• The task:
Beneath this line is the data. Output exactly the lines from the line with "- by move=> c; rewrite /F => /negbTE ->." to the line with "weighted_graph b -> locally_finite b ->", both ends included, and nothing more.

[Data excerpts Boundary: Start]

Lemma MopE (f : G) x : M f x =
  \sum_(y <- nbrs x) (b x y)%:C%C *: (f x - Phi x y *m f y) + W x *m f x.
Proof.
rewrite /Mop (fsbigT_seq (nbrs_uniq x)) // => y /weight_notin_nbrs ->.
by rewrite scale0r.
Qed.

Lemma Mop_continuous : continuous M.
Proof.
apply: continuous_prod_topology => x; under eq_fun do rewrite MopE.
have cproj y : continuous (fun f : G => f y) by exact: proj_continuous.
move=> f; apply: (@continuousD _ _ _ (fun f : G => _) (fun f : G => _)).
  apply: continuous_sum => y {}f; apply: (@continuousZl_tmp _ _ _ (fun f : G => _)).
  apply: (@continuousB _ _ _ (fun f : G => _) (fun f : G => _)); first exact: cproj.
  exact (continuous_mulmx (A := Phi x y) (cproj y) (x := f)).
exact (continuous_mulmx (A := W x) (cproj x) (x := f)).
Qed.

Definition supp (phi : G) : seq X :=
  finmap.enum_fset (fset_set [set x | phi x != 0]).

Lemma supp_uniq phi : uniq (supp phi).
Proof. exact: finmap.fset_uniq. Qed.

Lemma notin_supp phi x : fin_supp phi -> x \notin supp phi -> phi x = 0.
Proof.
move=> fphi; have := in_fset_set fphi x => /= ->.
by rewrite notin_setE /= => /negP; rewrite negbK => /eqP.
Qed.

Definition supp_nbhd (phi : G) : seq X :=
  undup (supp phi ++ flatten [seq nbrs y | y <- supp phi]).

Lemma supp_nbhd_uniq phi : uniq (supp_nbhd phi).
Proof. exact: undup_uniq. Qed.

Lemma supp_sub_nbhd phi x : x \in supp phi -> x \in supp_nbhd phi.
Proof. by move=> xS; rewrite mem_undup mem_cat xS. Qed.

Lemma nbrs_sub_nbhd phi x y : x \in supp phi -> y \in nbrs x -> y \in supp_nbhd phi.
Proof.
by move=> xS yx; rewrite mem_undup mem_cat; apply/orP; right; apply/flatten_mapP; exists x.
Qed.

Lemma Mop_notin_nbhd phi x : fin_supp phi -> x \notin supp_nbhd phi -> M phi x = 0.
Proof.
move=> fphi xN; have xS : x \notin supp phi by apply: contra xN; exact: supp_sub_nbhd.
rewrite MopE notin_supp // mulmx0 addr0 big1_seq // => y /andP[_ yx].
rewrite (@notin_supp _ y) ?mulmx0 ?subr0 ?scaler0 //; apply: contra xN => yS.
by apply: (nbrs_sub_nbhd yS); rewrite mem_nbrs weight_sym -mem_nbrs.
Qed.

Lemma Mop_local (f g : G) x :
  (forall y, y \in x :: nbrs x -> f y = g y) -> M f x = M g x.
Proof.
move=> fg; rewrite !MopE (fg x (mem_head _ _)).
rewrite (eq_big_seq (fun y => (b x y)%:C%C *: (g x - Phi x y *m g y))) //.
by move=> y yN; rewrite (fg y) // inE yN orbT.
Qed.

Lemma fin_supp_Mop (phi : G) : fin_supp phi -> fin_supp (M phi).
Proof.
move=> fphi; apply: (@sub_finite_set _ _ [set` supp_nbhd phi]); last exact: finite_seq.
by move=> x /= Mx; apply/negPn; apply: contra Mx => /(Mop_notin_nbhd fphi) ->.
Qed.

Lemma pairingE (phi f : G) (r : seq X) : uniq r -> (forall x, x \notin r -> phi x = 0) ->
  pairing phi f = \sum_(x <- r) hdot (phi x) (f x).
Proof. by move=> ur phi0; rewrite /pairing (fsbigT_seq ur) // => x /phi0 ->; exact: hdot0l. Qed.

Hypotheses (con : connection Phi) (sa : selfadjoint_endo W).

Lemma adjmx_Phi x y : adjmx (Phi x y) = Phi y x.
Proof.
have [[adjPP _] [_ PPinv]] := con x y.
by rewrite -[adjmx _]mulmx1 -PPinv mulmxA adjPP mul1mx.
Qed.

Lemma hdot_Mop_l (phi f : G) x : hdot (M phi x) (f x) =
  \sum_(y <- nbrs x) (b x y)%:C%C * hdot (phi x) (f x)
  - \sum_(y <- nbrs x) (b x y)%:C%C * hdot (phi y) (Phi y x *m f x)
  + hdot (phi x) (W x *m f x).
Proof.
rewrite MopE hdotDl hdot_suml hdotMl sa -sumrB; congr (_ + _); apply: eq_bigr => y _.
have real_b : ((b x y)%:C%C)^* = (b x y)%:C%C by apply/conj_Creal/complex_realP; exists (b x y).
by rewrite hdotZl real_b hdotBl hdotMl adjmx_Phi mulrBr.
Qed.

Lemma hdot_Mop_r (phi f : G) x : hdot (phi x) (M f x) =
  \sum_(y <- nbrs x) (b x y)%:C%C * hdot (phi x) (f x)
  - \sum_(y <- nbrs x) (b x y)%:C%C * hdot (phi x) (Phi x y *m f y)
  + hdot (phi x) (W x *m f x).
Proof.
rewrite MopE hdotDr hdot_sumr -sumrB; congr (_ + _); apply: eq_bigr => y _.
by rewrite hdotZr hdotBr mulrBr.
Qed.

Lemma pairing_Mop (phi f : G) : fin_supp phi -> pairing (M phi) f = pairing phi (M f).
Proof.
(* Restrict both pairings to [U]; the cross terms then agree after exchanging
   the double sum, by the symmetry of [b]. *)
move=> fphi; set U := supp_nbhd phi.
have phi0 x : x \notin U -> phi x = 0.
  by move=> xU; apply: notin_supp => //; apply: contra xU; exact: supp_sub_nbhd.
rewrite (pairingE _ (supp_nbhd_uniq phi)); last by move=> x /(Mop_notin_nbhd fphi).
rewrite (pairingE _ (supp_nbhd_uniq phi) phi0).
under eq_bigr do rewrite hdot_Mop_l.
under [RHS]eq_bigr do rewrite hdot_Mop_r.
rewrite !big_split /= !sumrN; congr (_ + - _ + _).
transitivity (\sum_(x <- U) \sum_(y <- U) (b x y)%:C%C * hdot (phi y) (Phi y x *m f x)).
  apply: eq_bigr => x _; apply: big_seq_supp => [||y /weight_notin_nbrs ->|y /phi0 ->].
  - exact: nbrs_uniq.
  - exact: supp_nbhd_uniq.
  - by rewrite mul0r.
  - by rewrite hdot0l mulr0.
rewrite exchange_big /=; apply: eq_bigr => x _; under eq_bigr do rewrite weight_sym.
apply: big_seq_supp => [||y yU|y /weight_notin_nbrs ->].
- exact: supp_nbhd_uniq.
- exact: nbrs_uniq.
- have [xS|xS] := boolP (x \in supp phi); last by rewrite notin_supp // hdot0l mulr0.
  rewrite weight_notin_nbrs ?mul0r //; apply: contra yU; exact: nbrs_sub_nbhd.
- by rewrite mul0r.
Qed.

Lemma pairing_eq0 (psi : G) : fin_supp psi -> pairing psi psi = 0 -> psi = (fun=> 0).
Proof.
move=> fpsi; rewrite (pairingE _ (supp_uniq psi)); last by move=> x /(notin_supp fpsi).
move=> /eqP; rewrite psumr_eq0 => [/allP psi0|x _]; last exact: hdot_ge0.
apply: functional_extensionality_dep => x.
have [xS|] := boolP (x \in supp psi); last exact: notin_supp.
by apply: hdot_eq0; apply/eqP; have /implyP := psi0 x xS; apply.
Qed.

Lemma Mop_surj_inj : (forall g : G, exists f : G, M f = g) ->
  forall phi : G, fin_supp phi -> M phi = (fun=> 0) -> phi = (fun=> 0).
Proof.
move=> surj phi fphi Mphi0; have [f Mf] := surj phi.
apply: pairing_eq0 => //; rewrite -{2}Mf -pairing_Mop // Mphi0.
by rewrite /pairing fsbig1 // => x _; exact: hdot0l.
Qed.

Definition coord : countType := {x : X & 'I_(n x)}.

Definition coord_of x (a : 'I_(n x)) : coord := Tagged (fun x => 'I_(n x)) a.

Definition of_coords (u : coord -> R[i]) : G := fun x => \col_(a < n x) u (coord_of a).

Definition coords (f : G) : coord -> R[i] := fun c => f (tag c) (tagged c) 0.

Lemma coordsK : cancel coords of_coords.
Proof.
move=> f; apply: functional_extensionality_dep => x; apply/matrixP => a j.
by rewrite (ord1 j) mxE.
Qed.

Definition coord_eqn (e : coord) (u : coord -> R[i]) : R[i] := coords (M (of_coords u)) e.

Lemma Mop_linear (f1 f2 : G) s :
  M (fun x => f1 x + s *: f2 x) = fun x => M f1 x + s *: M f2 x.
Proof.
apply: functional_extensionality_dep => x; rewrite !MopE.
have split_term y : (b x y)%:C%C *: (f1 x + s *: f2 x - Phi x y *m (f1 y + s *: f2 y)) =
    (b x y)%:C%C *: (f1 x - Phi x y *m f1 y) + s *: ((b x y)%:C%C *: (f2 x - Phi x y *m f2 y)).
  rewrite mulmxDr -scalemxAr scalerA mulrC -scalerA -scalerDr; congr (_ *: _).
  by rewrite scalerBr opprD addrACA.
rewrite (eq_bigr _ (fun y _ => split_term y)) big_split -scaler_sumr.
by rewrite mulmxDr -scalemxAr scalerDr addrACA.
Qed.

Lemma coord_eqn_lin e u v s :
  coord_eqn e (fun c => u c + s * v c) = coord_eqn e u + s * coord_eqn e v.
Proof.
rewrite /coord_eqn /coords.
have -> : of_coords (fun c => u c + s * v c) = fun x => of_coords u x + s *: of_coords v x.
  by apply: functional_extensionality_dep => x; apply/matrixP => a j; rewrite !mxE.
by rewrite Mop_linear !mxE.
Qed.

Lemma coord_eqn_local e : exists D : seq coord,
  forall u v, {in D, u =1 v} -> coord_eqn e u = coord_eqn e v.
Proof.
exists [seq coord_of a | y <- tag e :: nbrs (tag e), a <- enum 'I_(n y)] => u v uv.
rewrite /coord_eqn /coords (Mop_local (f := of_coords u) (g := of_coords v)) //.
move=> y yN; apply/matrixP => a j; rewrite !mxE; apply: uv.
exact: (allpairs_f_dep coord_of yN (mem_enum _ a)).
Qed.

Section CoefficientSection.
Variables (es : seq coord) (cf : coord -> R[i]).
Hypothesis es_uniq : uniq es.

Definition coeff_section : G := fun x =>
  \col_(a < n x) if coord_of a \in es then (cf (coord_of a))^* else 0.

Definition coeff_supp : seq X := undup [seq tag c | c <- es].

Lemma coeff_section_notin x : x \notin coeff_supp -> coeff_section x = 0.
Proof.
move=> xS; apply/matrixP => a j; rewrite !mxE; case: ifPn => // ces.
by case/negP: xS; rewrite mem_undup; exact: (map_f tag ces).
Qed.

Lemma fin_supp_coeff_section : fin_supp coeff_section.
Proof.
apply: (@sub_finite_set _ _ [set` coeff_supp]); last exact: finite_seq.
by move=> x /= cx; apply/negPn; apply: contra cx => /coeff_section_notin ->.
Qed.

Lemma pairing_coeff_section (f : G) :
  pairing coeff_section f = \sum_(c <- es) cf c * coords f c.
Proof.
rewrite (pairingE f (undup_uniq [seq tag c | c <- es]) coeff_section_notin).
pose F c := if c \in es then cf c * coords f c else 0.
transitivity (\sum_(c <- [seq coord_of a | x <- coeff_supp, a <- enum 'I_(n x)]) F c).
  rewrite big_allpairs_dep; apply: eq_bigr => x _.
  rewrite /hdot -big_enum; apply: eq_bigr => a _; rewrite /F mxE /coords /=.
  by case: ifP => _; rewrite ?conjCK // rmorph0 mul0r.
have es_sub c : c \in es -> c \in [seq coord_of a | x <- coeff_supp, a <- enum 'I_(n x)].
  case: c => x a ces; apply: (allpairs_f_dep coord_of _ (mem_enum _ a)).
  by rewrite mem_undup; exact: (map_f tag ces).
have all_uniq : uniq [seq coord_of a | x <- coeff_supp, a <- enum 'I_(n x)].
  apply: allpairs_uniq_dep => [||[x1 a1] [x2 a2] _ _ //]; first exact: undup_uniq.
  by move=> x _; exact: enum_uniq.
rewrite (big_seq_supp all_uniq es_uniq).
- by rewrite big_seq [RHS]big_seq; apply: eq_bigr => c ces; rewrite /F ces.
- by move=> c; rewrite /F; case: ifP => // /es_sub ->.
- by move=> c; rewrite /F => /negbTE ->.
Qed.

End CoefficientSection.

Lemma coord_eqn_free :
  (forall phi : G, fin_supp phi -> M phi = (fun=> 0) -> phi = (fun=> 0)) ->
  forall es, uniq es -> forall cf : coord -> R[i],
  (forall u, \sum_(e <- es) cf e * coord_eqn e u = 0) -> {in es, forall e, cf e = 0}.
Proof.
move=> inj es ues cf dep [x a] ees.
have fphi := fin_supp_coeff_section es cf.
have Mphi0 : M (coeff_section es cf) = (fun=> 0).
  apply: pairing_eq0; first exact: fin_supp_Mop.
  rewrite pairing_Mop // pairing_coeff_section // -[RHS](dep (coords (M (coeff_section es cf)))).
  by rewrite /coord_eqn coordsK.
have /(congr1 (fun phi : G => phi x a 0)) := inj _ fphi Mphi0.
by rewrite !mxE /coord_of ees => /eqP; rewrite conjC_eq0 => /eqP.
Qed.

Lemma Mop_inj_surj :
  (forall phi : G, fin_supp phi -> M phi = (fun=> 0) -> phi = (fun=> 0)) ->
  forall g : G, exists f : G, M f = g.
Proof.
move=> inj g.
have [u Mu] := solvable_system coord_eqn_lin coord_eqn_local (coord_eqn_free inj) (coords g).
exists (of_coords u); rewrite -[g]coordsK -[M _]coordsK; congr of_coords.
exact: funext.
Qed.

End Operator.

Theorem lemma4p2 (R : realType) (X : countType) (n : X -> nat)
  (b : X -> X -> R) (Phi : forall x y : X, 'M[R[i]]_(n x, n y))
  (W : forall x : X, 'M[R[i]]_(n x)) :
  weighted_graph b -> locally_finite b ->
  connection Phi -> selfadjoint_endo W ->
  let M := Mop b Phi W in
  continuous M /\
  (forall phi : Gamma R n, fin_supp phi ->
     fin_supp (M phi) /\ (forall f : Gamma R n, pairing (M phi) f = pairing phi (M f))) /\
  ((forall g : Gamma R n, exists f : Gamma R n, M f = g) <->
   (forall phi : Gamma R n, fin_supp phi -> M phi = (fun x => 0) -> phi = (fun x => 0))).
Proof.
move=> wg lf con sa M; split; first exact: Mop_continuous.
split; first by move=> phi fphi; split; [exact: fin_supp_Mop | move=> f; exact: pairing_Mop].
by split; [exact: Mop_surj_inj | exact: Mop_inj_surj].
Qed.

[Data excerpts Boundary: End]

• Your solution:
- by move=> c; rewrite /F => /negbTE ->.
Qed.

End CoefficientSection.

Lemma coord_eqn_free :
  (forall phi : G, fin_supp phi -> M phi = (fun=> 0) -> phi = (fun=> 0)) ->
  forall es, uniq es -> forall cf : coord -> R[i],
  (forall u, \sum_(e <- es) cf e * coord_eqn e u = 0) -> {in es, forall e, cf e = 0}.
Proof.
move=> inj es ues cf dep [x a] ees.
have fphi := fin_supp_coeff_section es cf.
have Mphi0 : M (coeff_section es cf) = (fun=> 0).
  apply: pairing_eq0; first exact: fin_supp_Mop.
  rewrite pairing_Mop // pairing_coeff_section // -[RHS](dep (coords (M (coeff_section es cf)))).
  by rewrite /coord_eqn coordsK.
have /(congr1 (fun phi : G => phi x a 0)) := inj _ fphi Mphi0.
by rewrite !mxE /coord_of ees => /eqP; rewrite conjC_eq0 => /eqP.
Qed.

Lemma Mop_inj_surj :
  (forall phi : G, fin_supp phi -> M phi = (fun=> 0) -> phi = (fun=> 0)) ->
  forall g : G, exists f : G, M f = g.
Proof.
move=> inj g.
have [u Mu] := solvable_system coord_eqn_lin coord_eqn_local (coord_eqn_free inj) (coords g).
exists (of_coords u); rewrite -[g]coordsK -[M _]coordsK; congr of_coords.
exact: funext.
Qed.

End Operator.

Theorem lemma4p2 (R : realType) (X : countType) (n : X -> nat)
  (b : X -> X -> R) (Phi : forall x y : X, 'M[R[i]]_(n x, n y))
  (W : forall x : X, 'M[R[i]]_(n x)) :
  weighted_graph b -> locally_finite b ->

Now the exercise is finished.